We had two trainers for a group of 22 people (that’s 11 people per trainer). The trainers briefly explained the requirements of each station and went through a basic warm-up routine. We were asked to do as many reps as possible for 30 seconds, and rest for 10 seconds between stations. Admittedly, I was spending those 10 seconds trying to figure out where the next station was and what exercise I had to do, rather than actually resting. There were burpees, squats, box jumps, burpees, planks and more burpees (to name a few). I honestly felt like calling it quits by the time I got to station 22.

There wasn’t much room between each station. I was working dangerously close to some of the other Firestorm victims – to the point where I couldn’t even do a full star jump without slapping to person next to me in the face.

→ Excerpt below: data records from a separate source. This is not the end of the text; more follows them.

Theorem mainTheorem11 (R : realType) (m n : nat) (hm : (0 < m)%N) (hn : (0 < n)%N)
  (Y : 'M[R]_(m, n)) (c t : R) (hc0 : 0 < c) (hc1 : c < 1) (ht : 0 < t) :
  let Rc := (m + n)%:R^-1 * ln c^-1 in
  ((exists a, Ccone Rc t a /\ delta (expdiag a *m xYmat Y) < c `^ ((m + n)%:R^-1)) ->
     exists a', Ccone 0 t a' /\
       delta (expdiag a' *m xYmat Y) < c `^ ((m * (m + n))%:R^-1))
  /\
  ((exists a, Ccone 0 t a /\
       delta (expdiag a *m xYmat Y) < c `^ ((m + n - 1)%:R / (m * (m + n))%:R)) ->
     exists a', Ccone Rc (t - (n%:R - 1) / (m + n)%:R * ln c) a' /\
       delta (expdiag a' *m xYmat Y) < c `^ ((m + n)%:R^-1)).
Proof.
move=> Rc.
have lc0 : ln c < 0 by apply: ln_lt0; rewrite hc0 hc1.
have mn0 : (0 : R) < (m + n)%:R by rewrite ltr0n addn_gt0 hm.
have m0 : (0 : R) < m%:R by rewrite ltr0n.
have RcE : Rc = - ln c / (m + n)%:R by rewrite /Rc lnV ?posrE // mulrC.
have Rc0 : 0 <= Rc by rewrite RcE divr_ge0 ?ltW // oppr_gt0.
have powE x : c `^ x = expR (x * ln c) by rewrite /powR gt_eqF.
have E1 : c `^ ((m + n)%:R^-1) = expR (- Rc) by rewrite powE RcE mulNr opprK mulrC.
split=> -[a [ha hd]].
  rewrite E1 in hd; have [a' [ha' hd']] := transfer_to_C0 hm Rc0 ht ha hd.
  exists a'; split => //; rewrite (_ : c `^ _ = expR (- (Rc / m%:R))) //.
  by rewrite powE natrM RcE; congr expR; field; rewrite -natrD !gt_eqF.
set L := (n%:R - 1) / m%:R * Rc.
have L0 : 0 <= L by rewrite mulr_ge0 // divr_ge0 ?subr_ge0 ?ler1n ?ltW.
have hL : m%:R * L = (n%:R - 1) * Rc by rewrite /L; field; rewrite gt_eqF.
rewrite (_ : c `^ _ = expR (- (Rc + L))) in hd; last first.
  rewrite powE /L RcE natrB ?addn_gt0 ?hm // natrM natrD; congr expR.
  by field; rewrite -natrD !gt_eqF.
have [a' [ha' hd']] := transfer_to_C hm Rc0 L0 hL ha hd.
exists a'; rewrite E1; split => //.
by rewrite (_ : t - _ = t + m%:R * L) // /L RcE; field; rewrite -natrD !gt_eqF.
Qed.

It felt overcrowded, cramped, and like my personal space was being invaded. There was simply not enough room for the amount of stations and people squeezed in the studio.

We’re at the halfway point…

I came face-to-face with the sled at station 24. I was once crowned the “Prowler Queen” and I was confident that I would smash through the next 30 seconds. There was 60kg stacked on the sled – a weight that I had pushed multiple times in the past. As soon as the buzzer went off and I started to push the piece of metal along the blue track, I knew I was in trouble. I was moving as slow as a snail, but the sweat was dripping off me as fast as a broken fire hydrant.

Both trainers were very friendly and encouraging throughout the workout. However, they didn’t offer much technical instruction or correction. In their defence, I don’t think these workouts were designed for that purpose. It felt like a race against the clock. It was clear that people were (unknowingly) compromising their form for reps, with the trainers cheering everyone on to push harder. Quality over quantity? Not in this place.

At station 47, I was faced with a 20” plyometric box. Deep down, I knew what I was in for… but I checked the screen just in case they wanted us to just sit on it for 30 seconds and catch our breath. Wishful thinking. It was what I had originally thought – box jumps. At this point, I could feel my pulse pumping through my entire body. I did not have the energy to complete one single rep. To put it simply, I was exhausted.

45 minutes and 54 stations later, and the torture was finally over. Everyone in the studio started cheering, and lined up for the obligatory sweaty high-fives. The studio had created a great community vibe – a lot of the members knew each other by name, and were asking “Same time tomorrow?”

Finally, it’s all over

I left the studio and walked to my car relieved that it was all over. I felt challenged – it clearly got my heart rate up and burned a bunch of calories – but was it productive? Each F45 workout is designed around “functional” movements, which claim to mimic everyday activity. I don’t know about you, but I don’t remember the last time I did a burpee outside of a gym environment… Each workout is created from a database of over 3000 different exercises, so no workout is ever the same. That might attract some people, but not me. There was no form critique. No room for program customisation. No aim for progressive overload (not that I would recommend it in this context).

Whilst F45 are doing a fantastic job encouraging people to be more physically active, I believe that there are much more efficient ways to become healthier, leaner and stronger. In saying that, if it takes an F45 workout to get you off your keister and in the gym, go right ahead!